PROBLEM DESCRIPTION >> For the entries below, repeat exactly each line starting with the one that contains "Definition tau_tilde (m" and going on through the one that contains "as s decreases, every", and no others.

Start of MATERIALS PROVIDED

(* Let $B$ be a ring, $X$ an $m\times n$ matrix of indeterminates, and $\delta=[c_1,\ldots,c_r|d_1,\ldots,d_r]\in\Delta(X)$, with associated $t$ and $\tau_i$ ($1\le i\le t$) as in the context. For every $1\le i\le t$ there exists an integer $1\le N_i\le r$ such that: (1) if $[e_1,\ldots,e_s|f_1,\ldots,f_s]\in\Delta(X;\delta)\setminus\Delta(X;\tau_i)$, then $s\ge N_i$; (2) for every $N_i\le s\le r$, $[c_1,\ldots,c_s|d_1,\ldots,d_s]\in\Delta(X;\delta)\setminus\Delta(X;\tau_i)$.
   Context: Let $B$ be a ring and $X$ an $m\times n$ matrix of indeterminates over $B$. For $1\le r\le\min\{m,n\}$, $1\le a_1<\cdots<a_r\le m$, $1\le b_1<\cdots<b_r\le n$, $[a_1,\ldots,a_r|b_1,\ldots,b_r]$ is the $r$-minor of $X$ with those rows and columns; $\Delta(X)$ is the set of all such minors, ordered by $[a_1,\ldots,a_r|b_1,\ldots,b_r]\le[c_1,\ldots,c_s|d_1,\ldots,d_s]$ iff $r\ge s$ and $a_i\le c_i$, $b_i\le d_i$ for $1\le i\le s$. For $\gamma\in\Delta(X)$, $\Delta(X;\gamma)=\{\xi\in\Delta(X)\mid\xi\ge\gamma\}$. Associated data: Let $N=n+m$. For $\delta=[c_1,\ldots,c_r|d_1,\ldots,d_r]$, let $\tilde\delta=[a_1,\ldots,a_m]$ be the increasing listing of $\{d_1,\ldots,d_r\}\cup\{m+n+1-e\mid e\in\{1,\ldots,m\}\setminus\{c_1,\ldots,c_r\}\}$. To a sequence $1\le b_1<\cdots<b_m\le N$ with $[b_1,\ldots,b_m]\ne[n+1,\ldots,n+m]$ associate the minor $[e_1,\ldots,e_s|b_1,\ldots,b_s]\in\Delta(X)$, where $s=\max\{j\mid b_j\le n\}$ and $\{e_1<\cdots<e_s\}=\{1,\ldots,m\}\setminus\{m+n+1-b_j\mid s<j\le m\}$. Blocks of $\tilde\delta$: set $a_{m+1}=N+1$; decompose $\{a_1,\ldots,a_m\}$ into maximal runs of consecutive integers; if $a_m=N$ the run containing $N$ is $\beta_{t+1}$, else $\beta_{t+1}=\emptyset$; the other runs in increasing order are $\beta_0,\ldots,\beta_t$, $\beta_i=\{a_{k(i)+1},\ldots,a_{k(i+1)}\}$, $0=k(0)<\cdots<k(t+1)$. For $1\le i\le t$, $\tilde\tau_i$ is the increasing listing of $(\{a_1,\ldots,a_m\}\setminus\{a_{k(i)}\})\cup\{a_{k(i+1)}+1\}$. If $\tilde\tau_i\ne[n+1,\ldots,n+m]$, $\tau_i\in\Delta(X;\delta)$ is the minor associated to $\tilde\tau_i$; if $\tilde\tau_i=[n+1,\ldots,n+m]$, one sets $\Delta(X;\tau_i)=\emptyset$. *)

From mathcomp Require Import all_boot.
Set Implicit Arguments. Unset Strict Implicit. Unset Printing Implicit Defensive.

(* A minor [a_1..a_r | b_1..b_r] of a generic m x n matrix is represented by
   the pair (row indices, column indices), 1-based. *)
Definition minor := (seq nat * seq nat)%type.

Definition is_minor (m n : nat) (xi : minor) : bool :=
  [&& size xi.1 == size xi.2, 0 < size xi.1, size xi.1 <= minn m n,
      sorted ltn xi.1, sorted ltn xi.2,
      all (fun a => 0 < a <= m) xi.1 & all (fun b => 0 < b <= n) xi.2].

Definition minor_le (xi eta : minor) : bool :=
  (size eta.1 <= size xi.1) &&
  all (fun i => (nth 0 xi.1 i <= nth 0 eta.1 i) && (nth 0 xi.2 i <= nth 0 eta.2 i))
      (iota 0 (size eta.1)).

Definition tilde (m n : nat) (delta : minor) : seq nat :=
  sort leq (delta.2 ++ [seq m + n + 1 - e | e <- iota 1 m & e \notin delta.1]).

(* The minor associated to a sequence b_1 < ... < b_m (b <> [n+1..n+m]). *)
Definition assoc_minor (m n : nat) (b : seq nat) : minor :=
  let s := size [seq x <- b | x <= n] in
  ([seq e <- iota 1 m | e \notin [seq m + n + 1 - x | x <- drop s b]], take s b).

(* Blocks of a = tilde delta, with sentinel a_{m+1} = N+1, N = n+m.
   run_ends = the (1-based) positions j in [1,m] with a_{j+1} <> a_j + 1;
   these are k(1) < ... < k(t+1), the ends of beta_0, ..., beta_t
   (the run containing N, if any, is beta_{t+1} and has no such end). *)
Definition run_ends (m n : nat) (a : seq nat) : seq nat :=
  let ext := rcons a (n + m + 1) in
  [seq j <- iota 1 m | nth 0 ext j != (nth 0 ext j.-1).+1].

Definition tt (m n : nat) (a : seq nat) : nat := (size (run_ends m n a)).-1.

Definition kk (m n : nat) (a : seq nat) (i : nat) : nat :=
  if i == 0 then 0 else nth 0 (run_ends m n a) i.-1.

Definition aj (a : seq nat) (j : nat) : nat := nth 0 a j.-1.

Definition tau_tilde (m n : nat) (a : seq nat) (i : nat) : seq nat :=
  sort leq (rcons (rem (aj a (kk m n a i)) a) (aj a (kk m n a i.+1)).+1).

(* xi \in Delta(X; tau_i)  (empty if tilde tau_i = [n+1..n+m]) *)
Definition in_Delta_tau (m n : nat) (delta : minor) (i : nat) (xi : minor) : bool :=
  let tt_i := tau_tilde m n (tilde m n delta) i in
  [&& tt_i != iota n.+1 m, is_minor m n xi & minor_le (assoc_minor m n tt_i) xi].

Definition in_diff (m n : nat) (delta : minor) (i : nat) (xi : minor) : bool :=
  [&& is_minor m n xi, minor_le delta xi & ~~ in_Delta_tau m n delta i xi].

From mathcomp Require Import all_boot zify.
Set Implicit Arguments. Unset Strict Implicit. Unset Printing Implicit Defensive.

(* The heart of the matter is that delta itself is not in Delta(X;tau_i).
   Write p = a_{k(i)} < q = a_{k(i+1)}; since q ends a block other than the
   one containing N, q + 1 <= N is not an entry of tilde delta, and tilde
   tau_i trades p for q + 1.  If q < n, the minor of tilde tau_i has strictly
   fewer columns <= p than delta, if n <= q it has strictly fewer rows
   <= m + n - q than delta; either way it cannot lie below delta, because
   componentwise domination of increasing sequences forces domination of
   these counts.  Now the truncations delta_s = [c_1..c_s|d_1..d_s] increase
   as s decreases, every xi >= delta with s rows satisfies delta_s <= xi,
   and Delta(X;tau_i) is an up-set: so N_i can be taken to be the least s
   for which delta_s is not in Delta(X;tau_i). *)

Lemma count_leq_split (s : seq nat) h :
  count (fun x => x <= h) s = count (fun x => x < h) s + count_mem h s.
Proof. by elim: s => //= x s ->; case: ltngtP; lia. Qed.

Lemma filter_leq_sorted (s : seq nat) h : sorted leq s ->
  [seq x <- s | x <= h] = take (count (fun x => x <= h) s) s /\
  [seq x <- s | h < x] = drop (count (fun x => x <= h) s) s.
Proof.
elim: s => //= x s IH x_s.
have [le_xh | lt_hx] := leqP x h; first by case: (IH (path_sorted x_s)) => -> ->.
have gt_s : {in s, forall y, h < y}.
  by move=> y /(allP (order_path_min leq_trans x_s)); apply: leq_trans.
rewrite (eq_in_count (a2 := pred0)) ?count_pred0; last by move=> y /gt_s /=; lia.
rewrite (eq_in_filter (a2 := pred0)) ?filter_pred0; last by move=> y /gt_s /=; lia.
by rewrite (eq_in_filter (a2 := predT)) ?filter_predT // => y /gt_s ->.
Qed.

End of MATERIALS PROVIDED

FINAL ANSWER >>
Definition tau_tilde (m n : nat) (a : seq nat) (i : nat) : seq nat :=
  sort leq (rcons (rem (aj a (kk m n a i)) a) (aj a (kk m n a i.+1)).+1).

(* xi \in Delta(X; tau_i)  (empty if tilde tau_i = [n+1..n+m]) *)
Definition in_Delta_tau (m n : nat) (delta : minor) (i : nat) (xi : minor) : bool :=
  let tt_i := tau_tilde m n (tilde m n delta) i in
  [&& tt_i != iota n.+1 m, is_minor m n xi & minor_le (assoc_minor m n tt_i) xi].

Definition in_diff (m n : nat) (delta : minor) (i : nat) (xi : minor) : bool :=
  [&& is_minor m n xi, minor_le delta xi & ~~ in_Delta_tau m n delta i xi].

From mathcomp Require Import all_boot zify.
Set Implicit Arguments. Unset Strict Implicit. Unset Printing Implicit Defensive.

(* The heart of the matter is that delta itself is not in Delta(X;tau_i).
   Write p = a_{k(i)} < q = a_{k(i+1)}; since q ends a block other than the
   one containing N, q + 1 <= N is not an entry of tilde delta, and tilde
   tau_i trades p for q + 1.  If q < n, the minor of tilde tau_i has strictly
   fewer columns <= p than delta, if n <= q it has strictly fewer rows
   <= m + n - q than delta; either way it cannot lie below delta, because
   componentwise domination of increasing sequences forces domination of
   these counts.  Now the truncations delta_s = [c_1..c_s|d_1..d_s] increase
   as s decreases, every xi >= delta with s rows satisfies delta_s <= xi,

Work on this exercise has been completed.